=== Begin Enclosure ===
(* Let $(\mathcal{P},\cdot)$ be an admissible Poisson algebra such that the center of the Lie algebra $\mathfrak{g}_{\mathcal{P}}=(\mathcal{P},\{\,,\,\})$ is zero. Then $\mathcal{P}$ has no non-zero idempotent. If moreover $\mathcal{P}$ is finite-dimensional, then $\mathcal{P}$ is a nilalgebra.
   Context: $\mathbb{K}$ is a field of characteristic different from $2$ and $3$. Associator: $A(X,Y,Z)=(X\cdot Y)\cdot Z-X\cdot(Y\cdot Z)$. An admissible Poisson algebra is a $\mathbb{K}$-vector space $\mathcal{P}$ with a bilinear product $\cdot$ satisfying $3A(X,Y,Z)=(X\cdot Z)\cdot Y+(Y\cdot Z)\cdot X-(Y\cdot X)\cdot Z-(Z\cdot X)\cdot Y$ for all $X,Y,Z$. Its bracket is $\{X,Y\}=\frac12(X\cdot Y-Y\cdot X)$ (a Lie bracket), and $\mathfrak{g}_{\mathcal{P}}$ denotes $(\mathcal{P},\{\,,\,\})$. Powers: $X^1=X$, $X^{i+1}=X\cdot X^i$; $\mathcal{P}$ is a nilalgebra if for every $X$ there is $r$ with $X^r=0$. *)

From mathcomp Require Import all_boot all_order all_algebra.
Set Implicit Arguments. Unset Strict Implicit. Unset Printing Implicit Defensive.
Import GRing.Theory.
Local Open Scope ring_scope.

Section AdmissiblePoisson.
Variables (K : fieldType) (P : lmodType K) (mul : P -> P -> P).

Definition bilinear_prod : Prop :=
  (forall a X Y Z, mul (a *: X + Y) Z = a *: mul X Z + mul Y Z) /\
  (forall a X Y Z, mul X (a *: Y + Z) = a *: mul X Y + mul X Z).

Definition assoc (X Y Z : P) : P := mul (mul X Y) Z - mul X (mul Y Z).

Definition admissible_identity : Prop :=
  forall X Y Z, 3%:R *: assoc X Y Z =
    mul (mul X Z) Y + mul (mul Y Z) X - mul (mul Y X) Z - mul (mul Z X) Y.

Definition admissible_Poisson : Prop := bilinear_prod /\ admissible_identity.

Definition pbracket (X Y : P) : P := (2%:R)^-1 *: (mul X Y - mul Y X).

Definition lie_center_zero : Prop :=
  forall Z, (forall X, pbracket X Z = 0) -> Z = 0.

(* apow X n = X^(n+1) with X^1 = X, X^(i+1) = X . X^i *)
Fixpoint apow (X : P) (n : nat) : P :=
  match n with 0 => X | n'.+1 => mul X (apow X n') end.

Definition nilalgebra : Prop := forall X, exists n, apow X n = 0.

Definition is_idempotent (e : P) : Prop := mul e e = e.

End AdmissiblePoisson.

Definition finite_dim (K : fieldType) (P : lmodType K) : Prop :=
  exists s : seq P, forall x : P,
    exists c : 'I_(size s) -> K, x = \sum_(i < size s) c i *: s`_i.

From mathcomp Require Import all_boot all_order all_algebra.
From Stdlib Require Import ClassicalEpsilon.
Set Implicit Arguments. Unset Strict Implicit. Unset Printing Implicit Defensive.
Import GRing.Theory.
Local Open Scope ring_scope.

(* Write x o y = (xy + yx)/2, so that xy = x o y + {x, y}.  The admissible
   identity makes o commutative and associative and every {x, _} a derivation
   of o.  A derivation d of o kills an idempotent e, since d e = 2 e o d e
   forces e o d e = 0; as the idempotents of the product and of o coincide,
   they are central, hence zero.  Moreover {X, X^n} = 0, so the powers of X are
   its o-powers.  In finite dimension they satisfy a linear relation; dividing
   by its lowest coefficient gives X^(m+1) = X^(m+1) o v with v a polynomial
   in X without constant term.  Then v^(m+1) is an idempotent of o, hence 0,
   and X^(m+1) = X^(m+1) o v^(m+1) = 0. *)

(* [zmodule] proves identities between sums, opposites and natural multiples
   of atoms in a zmodType by reifying both sides and comparing the integer
   coefficient of each atom; atoms are identified up to conversion. *)
Inductive zexpr :=
  | ZAtom of nat | ZAdd of zexpr & zexpr | ZOpp of zexpr | ZZero | ZMuln of zexpr & nat.

Fixpoint zcoef (e : zexpr) (i : nat) : int :=
  match e with
  | ZAtom j => if i == j then 1 else 0
  | ZAdd a b => zcoef a i + zcoef b i
  | ZOpp a => - zcoef a i
  | ZZero => 0
  | ZMuln a k => zcoef a i * k%:Z
  end.

Section ZmodReflection.
Variable V : zmodType.
Implicit Type env : seq V.

Fixpoint zeval env (e : zexpr) : V :=
  match e with
  | ZAtom j => env`_j
  | ZAdd a b => zeval env a + zeval env b
  | ZOpp a => - zeval env a
  | ZZero => 0
  | ZMuln a k => zeval env a *+ k
  end.

Lemma zeval_coef env e :
  zeval env e = \sum_(i < size env) env`_i *~ zcoef e i.
Proof.
elim: e => [j|a IHa b IHb|a IHa||a IHa k] /=.
- under eq_bigr do rewrite (fun_if (intmul _)) mulr0z.
  rewrite -big_mkcond big_ord1_eq.
  by case: ltnP => // ?; rewrite nth_default.
- by rewrite IHa IHb -big_split; apply: eq_bigr => i _; rewrite mulrzDr.
- by rewrite IHa -sumrN; apply: eq_bigr => i _; rewrite mulrNz.
- by rewrite big1.
- by rewrite IHa -sumrMnl; apply: eq_bigr => i _; rewrite mulrzA.
Qed.

Lemma zeval_eq env e1 e2 :
  all (fun i => zcoef e1 i == zcoef e2 i) (iota 0 (size env)) ->
  zeval env e1 = zeval env e2.
Proof.
move=> /allP same; rewrite !zeval_coef; apply: eq_bigr => i _.
by rewrite (eqP (same i _)) // mem_iota ltn_ord.
Qed.

End ZmodReflection.

Ltac zmod_conv x y := constr:(ltac:(first [unify x y; exact true | exact false]) : bool).
Ltac zmod_in x l :=
  match l with
  | nil => constr:(false)
  | ?y :: ?t => match zmod_conv x y with true => constr:(true) | false => zmod_in x t end
  end.
Ltac zmod_atoms t env :=
  match t with
  | (?a + ?b)%R => let env' := zmod_atoms a env in zmod_atoms b env'
  | (- ?a)%R => zmod_atoms a env
  | 0%R => env
  | (?a *+ _)%R => zmod_atoms a env
  | _ => match zmod_in t env with true => env | false => constr:(t :: env) end
  end.
Ltac zmod_index x l :=
  match l with
  | ?y :: ?t =>
    match zmod_conv x y with
    | true => constr:(0%N)
    | false => let n := zmod_index x t in constr:(n.+1)
    end
  end.
Ltac zmod_reify t env :=
  match t with
  | (?a + ?b)%R => let ra := zmod_reify a env in let rb := zmod_reify b env in
                   constr:(ZAdd ra rb)
  | (- ?a)%R => let ra := zmod_reify a env in constr:(ZOpp ra)
  | 0%R => constr:(ZZero)
  | (?a *+ ?k)%R => let ra := zmod_reify a env in constr:(ZMuln ra k)
  | _ => let n := zmod_index t env in constr:(ZAtom n)
  end.
Ltac zmodule :=
  match goal with
  | |- @eq ?V ?l ?r =>
    let env := zmod_atoms r ltac:(zmod_atoms l (@nil V)) in
    let el := zmod_reify l env in
    let er := zmod_reify r env in
    change (zeval env el = zeval env er); apply: zeval_eq; vm_compute; reflexivity
  end.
=== End Enclosure ===
Task details
The records need to be set down again without a single difference.

Solved exercise
(* Let $(\mathcal{P},\cdot)$ be an admissible Poisson algebra such that the center of the Lie algebra $\mathfrak{g}_{\mathcal{P}}=(\mathcal{P},\{\,,\,\})$ is zero. Then $\mathcal{P}$ has no non-zero idempotent. If moreover $\mathcal{P}$ is finite-dimensional, then $\mathcal{P}$ is a nilalgebra.
   Context: $\mathbb{K}$ is a field of characteristic different from $2$ and $3$. Associator: $A(X,Y,Z)=(X\cdot Y)\cdot Z-X\cdot(Y\cdot Z)$. An admissible Poisson algebra is a $\mathbb{K}$-vector space $\mathcal{P}$ with a bilinear product $\cdot$ satisfying $3A(X,Y,Z)=(X\cdot Z)\cdot Y+(Y\cdot Z)\cdot X-(Y\cdot X)\cdot Z-(Z\cdot X)\cdot Y$ for all $X,Y,Z$. Its bracket is $\{X,Y\}=\frac12(X\cdot Y-Y\cdot X)$ (a Lie bracket), and $\mathfrak{g}_{\mathcal{P}}$ denotes $(\mathcal{P},\{\,,\,\})$. Powers: $X^1=X$, $X^{i+1}=X\cdot X^i$; $\mathcal{P}$ is a nilalgebra if for every $X$ there is $r$ with $X^r=0$. *)

From mathcomp Require Import all_boot all_order all_algebra.
Set Implicit Arguments. Unset Strict Implicit. Unset Printing Implicit Defensive.
Import GRing.Theory.
Local Open Scope ring_scope.

Section AdmissiblePoisson.
Variables (K : fieldType) (P : lmodType K) (mul : P -> P -> P).

Definition bilinear_prod : Prop :=
  (forall a X Y Z, mul (a *: X + Y) Z = a *: mul X Z + mul Y Z) /\
  (forall a X Y Z, mul X (a *: Y + Z) = a *: mul X Y + mul X Z).

Definition assoc (X Y Z : P) : P := mul (mul X Y) Z - mul X (mul Y Z).

Definition admissible_identity : Prop :=
  forall X Y Z, 3%:R *: assoc X Y Z =
    mul (mul X Z) Y + mul (mul Y Z) X - mul (mul Y X) Z - mul (mul Z X) Y.

Definition admissible_Poisson : Prop := bilinear_prod /\ admissible_identity.

Definition pbracket (X Y : P) : P := (2%:R)^-1 *: (mul X Y - mul Y X).

Definition lie_center_zero : Prop :=
  forall Z, (forall X, pbracket X Z = 0) -> Z = 0.

(* apow X n = X^(n+1) with X^1 = X, X^(i+1) = X . X^i *)
Fixpoint apow (X : P) (n : nat) : P :=
  match n with 0 => X | n'.+1 => mul X (apow X n') end.

Definition nilalgebra : Prop := forall X, exists n, apow X n = 0.

Definition is_idempotent (e : P) : Prop := mul e e = e.

End AdmissiblePoisson.

Definition finite_dim (K : fieldType) (P : lmodType K) : Prop :=
  exists s : seq P, forall x : P,
    exists c : 'I_(size s) -> K, x = \sum_(i < size s) c i *: s`_i.

From mathcomp Require Import all_boot all_order all_algebra.
From Stdlib Require Import ClassicalEpsilon.
Set Implicit Arguments. Unset Strict Implicit. Unset Printing Implicit Defensive.
Import GRing.Theory.
Local Open Scope ring_scope.

(* Write x o y = (xy + yx)/2, so that xy = x o y + {x, y}.  The admissible
   identity makes o commutative and associative and every {x, _} a derivation
   of o.  A derivation d of o kills an idempotent e, since d e = 2 e o d e
   forces e o d e = 0; as the idempotents of the product and of o coincide,
   they are central, hence zero.  Moreover {X, X^n} = 0, so the powers of X are
   its o-powers.  In finite dimension they satisfy a linear relation; dividing
   by its lowest coefficient gives X^(m+1) = X^(m+1) o v with v a polynomial
   in X without constant term.  Then v^(m+1) is an idempotent of o, hence 0,
   and X^(m+1) = X^(m+1) o v^(m+1) = 0. *)

(* [zmodule] proves identities between sums, opposites and natural multiples
   of atoms in a zmodType by reifying both sides and comparing the integer
   coefficient of each atom; atoms are identified up to conversion. *)
Inductive zexpr :=
  | ZAtom of nat | ZAdd of zexpr & zexpr | ZOpp of zexpr | ZZero | ZMuln of zexpr & nat.

Fixpoint zcoef (e : zexpr) (i : nat) : int :=
  match e with
  | ZAtom j => if i == j then 1 else 0
  | ZAdd a b => zcoef a i + zcoef b i
  | ZOpp a => - zcoef a i
  | ZZero => 0
  | ZMuln a k => zcoef a i * k%:Z
  end.

Section ZmodReflection.
Variable V : zmodType.
Implicit Type env : seq V.

Fixpoint zeval env (e : zexpr) : V :=
  match e with
  | ZAtom j => env`_j
  | ZAdd a b => zeval env a + zeval env b
  | ZOpp a => - zeval env a
  | ZZero => 0
  | ZMuln a k => zeval env a *+ k
  end.

Lemma zeval_coef env e :
  zeval env e = \sum_(i < size env) env`_i *~ zcoef e i.
Proof.
elim: e => [j|a IHa b IHb|a IHa||a IHa k] /=.
- under eq_bigr do rewrite (fun_if (intmul _)) mulr0z.
  rewrite -big_mkcond big_ord1_eq.
  by case: ltnP => // ?; rewrite nth_default.
- by rewrite IHa IHb -big_split; apply: eq_bigr => i _; rewrite mulrzDr.
- by rewrite IHa -sumrN; apply: eq_bigr => i _; rewrite mulrNz.
- by rewrite big1.
- by rewrite IHa -sumrMnl; apply: eq_bigr => i _; rewrite mulrzA.
Qed.

Lemma zeval_eq env e1 e2 :
  all (fun i => zcoef e1 i == zcoef e2 i) (iota 0 (size env)) ->
  zeval env e1 = zeval env e2.
Proof.
move=> /allP same; rewrite !zeval_coef; apply: eq_bigr => i _.
by rewrite (eqP (same i _)) // mem_iota ltn_ord.
Qed.

End ZmodReflection.

Ltac zmod_conv x y := constr:(ltac:(first [unify x y; exact true | exact false]) : bool).
Ltac zmod_in x l :=
  match l with
  | nil => constr:(false)
  | ?y :: ?t => match zmod_conv x y with true => constr:(true) | false => zmod_in x t end
  end.
Ltac zmod_atoms t env :=
  match t with
  | (?a + ?b)%R => let env' := zmod_atoms a env in zmod_atoms b env'
  | (- ?a)%R => zmod_atoms a env
  | 0%R => env
  | (?a *+ _)%R => zmod_atoms a env
  | _ => match zmod_in t env with true => env | false => constr:(t :: env) end
  end.
Ltac zmod_index x l :=
  match l with
  | ?y :: ?t =>
    match zmod_conv x y with
    | true => constr:(0%N)
    | false => let n := zmod_index x t in constr:(n.+1)
    end
  end.
Ltac zmod_reify t env :=
  match t with
  | (?a + ?b)%R => let ra := zmod_reify a env in let rb := zmod_reify b env in
                   constr:(ZAdd ra rb)
  | (- ?a)%R => let ra := zmod_reify a env in constr:(ZOpp ra)
  | 0%R => constr:(ZZero)
  | (?a *+ ?k)%R => let ra := zmod_reify a env in constr:(ZMuln ra k)
  | _ => let n := zmod_index t env in constr:(ZAtom n)
  end.
Ltac zmodule :=
  match goal with
  | |- @eq ?V ?l ?r =>
    let env := zmod_atoms r ltac:(zmod_atoms l (@nil V)) in
    let el := zmod_reify l env in
    let er := zmod_reify r env in
    change (zeval env el = zeval env er); apply: zeval_eq; vm_compute; reflexivity
  end.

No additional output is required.